Internal combustion engines combine air and fuel to create an air/fuel (A/F) mixture that is combusted within a plurality of cylinders. The combustion of the A/F mixture drives pistons which rotatably turn a crankshaft generating drive torque. In compression ignition (CI) engines, air may be drawn into the cylinders and compressed using the pistons. Fuel may then be injected into the compressed air causing the pressurized A/F mixture to combust. For example, CI engines include diesel engines.
Exhaust gas produced during combustion may be expelled from the cylinders into an exhaust manifold. The exhaust gas may include carbon monoxide (CO) and hydrocarbons (HC). The exhaust gas may also include nitrogen oxides (NOx) due to the higher combustion temperatures of CI engines compared to spark ignition (SI) engines. An exhaust treatment system may treat the exhaust gas to remove CO, HC, and/or NOx.

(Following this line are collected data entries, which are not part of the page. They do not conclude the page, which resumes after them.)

(* Let $B_n$ ($n\ge 2$) be endowed with the dual Garside structure and let $\varepsilon=\delta a_{21}$. For an integer $k$, let $d=\gcd(k,n-1)$ and let $p,q$ be integers with $(n-1)p+kq=d$. Let $[\varepsilon^d]$ and $[\varepsilon^k]$ denote the conjugacy classes of $\varepsilon^d$ and $\varepsilon^k$, and define $f:[\varepsilon^d]\to[\varepsilon^k]$ and $g:[\varepsilon^k]\to[\varepsilon^d]$ by $f(\alpha)=\alpha^{k/d}$ and $g(\beta)=\delta^{np}\beta^q$. Then $f$ and $g$ are inverse to each other, $f([\varepsilon^d]^{St})=[\varepsilon^k]^{St}$ and $g([\varepsilon^k]^{St})=[\varepsilon^d]^{St}$. In particular, $$\#[\varepsilon^d]^S=\#[\varepsilon^d]^{St}=\#[\varepsilon^k]^{St}\leqslant\#[\varepsilon^k]^S.$$
   Context: $B_n$ has band generators $a_{ij}$ ($1\le j<i\le n$), $a_{ij}=\sigma_{i-1}\cdots\sigma_{j+1}\sigma_j\sigma_{j+1}^{-1}\cdots\sigma_{i-1}^{-1}$. The dual Garside structure is $(B_n,B_n^+,\delta)$ with $B_n^+$ the monoid of positive words in band generators and $\delta=a_{n,n-1}\cdots a_{21}=\sigma_{n-1}\cdots\sigma_1$. $\alpha\preccurlyeq\beta$ iff $\alpha^{-1}\beta\in B_n^+$. $\inf(\alpha)=\max\{r:\delta^r\preccurlyeq\alpha\}$, $\sup(\alpha)=\min\{s:\alpha\preccurlyeq\delta^s\}$, $\operatorname{len}=\sup-\inf$. The super summit set $[\alpha]^S$ is the set of conjugates of $\alpha$ of minimal $\operatorname{len}$; the stable super summit set is $[\alpha]^{St}=\{\beta\in[\alpha]^S:\beta^m\in[\alpha^m]^S\text{ for all }m\in\mathbb Z\}$. *)

(* The braid group B_n is given by its Artin presentation:
   elements are words in the letters sigma_i^{+-1} (1 <= i <= n-1), modulo the
   congruence [beq n] generated by free cancellation and the Artin relations. *)
From Stdlib Require Import List ZArith Arith Lia.
Import ListNotations.

(* (i, true) = sigma_i, (i, false) = sigma_i^{-1} *)
Definition letter := (nat * bool)%type.
Definition word := list letter.

Definition winv (w : word) : word := rev (map (fun '(i, b) => (i, negb b)) w).

Definition valid (n : nat) (w : word) : Prop :=
  Forall (fun '(i, _) => 1 <= i <= n - 1) w.
Definition ftaut (A : form) : Prop :=
  forall va vb, feval va vb A = true.

Fixpoint heval (va : nat -> bool) (vb : nat -> hform -> bool) (A : hform) : bool :=
  match A with
  | HAtom p => va p
  | HBot => false
  | HTop => true
  | HNeg B => negb (heval va vb B)
  | HAnd B C => heval va vb B && heval va vb C
  | HOr B C => heval va vb B || heval va vb C
  | HImp B C => implb (heval va vb B) (heval va vb C)
  | HBox n B => vb n B
  end.

Definition htaut (A : hform) : Prop :=
  forall va vb, heval va vb A = true.

Inductive GL : form -> Prop :=
| GL_taut : forall A, ftaut A -> GL A
| GL_K : forall A B, GL (FImp (FBox (FImp A B)) (FImp (FBox A) (FBox B)))
| GL_4 : forall A, GL (FImp (FBox A) (FBox (FBox A)))
| GL_L : forall A, GL (FImp (FBox (FImp (FBox A) A)) (FBox A))
| GL_MP : forall A B, GL A -> GL (FImp A B) -> GL B
| GL_Nec : forall A, GL A -> GL (FBox A).

(* The logic GL_h; axiom instances are only the L_infty formulas. *)
Inductive GLh : hform -> Prop :=
| GLh_taut : forall A, hwf A -> htaut A -> GLh A
| GLh_H : forall n A, hwf (HImp (HBox n A) (HBox (S n) A)) ->
    GLh (HImp (HBox n A) (HBox (S n) A))
| GLh_K : forall n A B,
    hwf (HImp (HBox n (HImp A B)) (HImp (HBox n A) (HBox n B))) ->
    GLh (HImp (HBox n (HImp A B)) (HImp (HBox n A) (HBox n B)))
| GLh_4 : forall n A, hwf (HImp (HBox n A) (HBox (S n) (HBox n A))) ->
    GLh (HImp (HBox n A) (HBox (S n) (HBox n A)))
| GLh_L : forall n A, hwf (HImp (HBox (S n) (HImp (HBox n A) A)) (HBox n A)) ->
    GLh (HImp (HBox (S n) (HImp (HBox n A) A)) (HBox n A))
| GLh_MP : forall A B, GLh A -> GLh (HImp A B) -> GLh B
| GLh_Nec : forall n A, GLh A -> boxes_below n A -> GLh (HBox n A).
(* Regard $\phi_0(a,\beta_0,r,\mu)=1-\dfrac{(a\beta_0-\sqrt r)^2}{a\mu+r}$ as a smooth function of positive parameters $a,\beta_0,r,\mu$. For every parameter value $(A,r,\beta_0,a,\mu)\in(0,\infty)^5$ satisfying $$a\beta_0<\sqrt r,\qquad \phi_0<\frac{\beta_0A}{\mu+\frac ra}<1,\qquad \beta_0<1,$$ one has $$\frac{\partial\phi_0}{\partial a}>0,\qquad \frac{\partial\phi_0}{\partial \beta_0}>0,\qquad \frac{\partial\phi_0}{\partial \mu}>0,\qquad \frac{\partial\phi_0}{\partial r}<0.$$ *)

From Stdlib Require Import Reals Lra.
From Coquelicot Require Import Coquelicot.
Open Scope R_scope.

Definition phi0 (a beta0 r mu : R) : R :=
  1 - (a * beta0 - sqrt r) ^ 2 / (a * mu + r).

(* Each partial derivative of [phi0] factors into terms of fixed sign, the only
   non-obvious one being [sqrt r - a * beta0], positive by hypothesis. *)
From Stdlib Require Import Reals Lra.
From Coquelicot Require Import Coquelicot.
Open Scope R_scope.

Lemma is_derive_phi0_a (a beta0 r mu : R) : a * mu + r <> 0 ->
  is_derive (fun x => phi0 x beta0 r mu) a
    ((sqrt r - a * beta0) * (2 * beta0 * (a * mu + r) + (sqrt r - a * beta0) * mu)
       / (a * mu + r) ^ 2).
Proof. intros hD; unfold phi0; auto_derive; [exact hD | field; exact hD]. Qed.

Lemma is_derive_phi0_beta0 (a beta0 r mu : R) : a * mu + r <> 0 ->
  is_derive (fun x => phi0 a x r mu) beta0
    (2 * a * (sqrt r - a * beta0) / (a * mu + r)).
Proof. intros hD; unfold phi0; auto_derive; [exact I | field; exact hD]. Qed.

Lemma is_derive_phi0_mu (a beta0 r mu : R) : a * mu + r <> 0 ->
  is_derive (fun x => phi0 a beta0 r x) mu
    (a * (a * beta0 - sqrt r) ^ 2 / (a * mu + r) ^ 2).
Proof. intros hD; unfold phi0; auto_derive; [exact hD | field; exact hD]. Qed.

Lemma is_derive_phi0_r (a beta0 r mu : R) : 0 < r -> a * mu + r <> 0 ->
  is_derive (fun x => phi0 a beta0 x mu) r
    (- (a * (sqrt r - a * beta0) * (mu + beta0 * sqrt r))
       / (sqrt r * (a * mu + r) ^ 2)).
Proof.
  intros hr hD; unfold phi0.
  assert (hs : 0 < sqrt r) by (apply sqrt_lt_R0; exact hr).
  assert (hss : sqrt r * sqrt r = r) by (apply sqrt_sqrt; lra).
  auto_derive; [repeat split; lra |].
  (* [field] can only cancel the factor [sqrt r] once [r] is written as its square *)
  set (s := sqrt r) in *; rewrite <- hss; field.
  rewrite hss; split; lra.
Qed.

Section Signs.

Variables a beta0 r mu : R.
Hypotheses (ha : 0 < a) (hb : 0 < beta0) (hr : 0 < r) (hmu : 0 < mu).
Hypothesis below_sqrt : a * beta0 < sqrt r.

Let hD : 0 < a * mu + r.
Proof. nra. Qed.

Let hgap : 0 < sqrt r - a * beta0.
Proof. lra. Qed.

Lemma Derive_phi0_a_gt0 : 0 < Derive (fun x => phi0 x beta0 r mu) a.
Proof.
  erewrite is_derive_unique; [| apply is_derive_phi0_a; lra].
  apply Rdiv_lt_0_compat; [| apply pow_lt; exact hD].
  apply Rmult_lt_0_compat; [exact hgap | nra].
Qed.

Lemma Derive_phi0_beta0_gt0 : 0 < Derive (fun x => phi0 a x r mu) beta0.
Proof.
  erewrite is_derive_unique; [| apply is_derive_phi0_beta0; lra].
  apply Rdiv_lt_0_compat; [nra | exact hD].
Qed.

Lemma Derive_phi0_mu_gt0 : 0 < Derive (fun x => phi0 a beta0 r x) mu.
Proof.
  erewrite is_derive_unique; [| apply is_derive_phi0_mu; lra].
  apply Rdiv_lt_0_compat; [| apply pow_lt; exact hD].
  apply Rmult_lt_0_compat; [exact ha |].
  replace ((a * beta0 - sqrt r) ^ 2) with ((sqrt r - a * beta0) ^ 2) by ring.
  apply pow_lt; exact hgap.
Qed.

Lemma Derive_phi0_r_lt0 : Derive (fun x => phi0 a beta0 x mu) r < 0.
Proof.
  erewrite is_derive_unique; [| apply is_derive_phi0_r; [exact hr | lra]].
  assert (hs : 0 < sqrt r) by (apply sqrt_lt_R0; exact hr).
  unfold Rdiv; rewrite Ropp_mult_distr_l_reverse.
  apply Ropp_lt_gt_0_contravar, Rmult_lt_0_compat.
  - apply Rmult_lt_0_compat; [apply Rmult_lt_0_compat; lra | nra].
  - apply Rinv_0_lt_compat, Rmult_lt_0_compat; [exact hs | apply pow_lt; exact hD].
Qed.

End Signs.

Theorem lemma5p5 (A r beta0 a mu : R)
  (hA : 0 < A) (hr : 0 < r) (hb : 0 < beta0) (ha : 0 < a) (hmu : 0 < mu)
  (h1 : a * beta0 < sqrt r)
  (h2 : phi0 a beta0 r mu < beta0 * A / (mu + r / a))
  (h3 : beta0 * A / (mu + r / a) < 1)
  (h4 : beta0 < 1) :
  Derive (fun x => phi0 x beta0 r mu) a > 0 /\
  Derive (fun x => phi0 a x r mu) beta0 > 0 /\
  Derive (fun x => phi0 a beta0 r x) mu > 0 /\
  Derive (fun x => phi0 a beta0 x mu) r < 0.
Proof.
  repeat split.
  - exact (Derive_phi0_a_gt0 a beta0 r mu ha hb hr hmu h1).
  - exact (Derive_phi0_beta0_gt0 a beta0 r mu ha hr hmu h1).
  - exact (Derive_phi0_mu_gt0 a beta0 r mu ha hr hmu h1).
  - exact (Derive_phi0_r_lt0 a beta0 r mu ha hb hr hmu h1).
Qed.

For example, the exhaust treatment system may include at least one of an oxidation catalyst (OC), NOx absorbers/adsorbers, a selective catalytic reduction (SCR) system, a particulate matter (PM) filter, and catalytic converters.
In the SCR process, a dosing agent is injected into the exhaust gas by a dosing system. For example, the dosing agent may be pure anhydrous ammonia, aqueous ammonia, or urea. The dosing agent includes a reductant that reacts with the NOx in the exhaust gas. For example, the reductant may be ammonia (NH3). The reductant mixes with the NOx in the exhaust gas and the mixture may be absorbed onto the SCR catalyst. The SCR catalyst may then break down the absorbed mixture forming water vapor (H2O) and nitrogen gas (N2). The SCR process, therefore, may significantly reduce NOx emissions.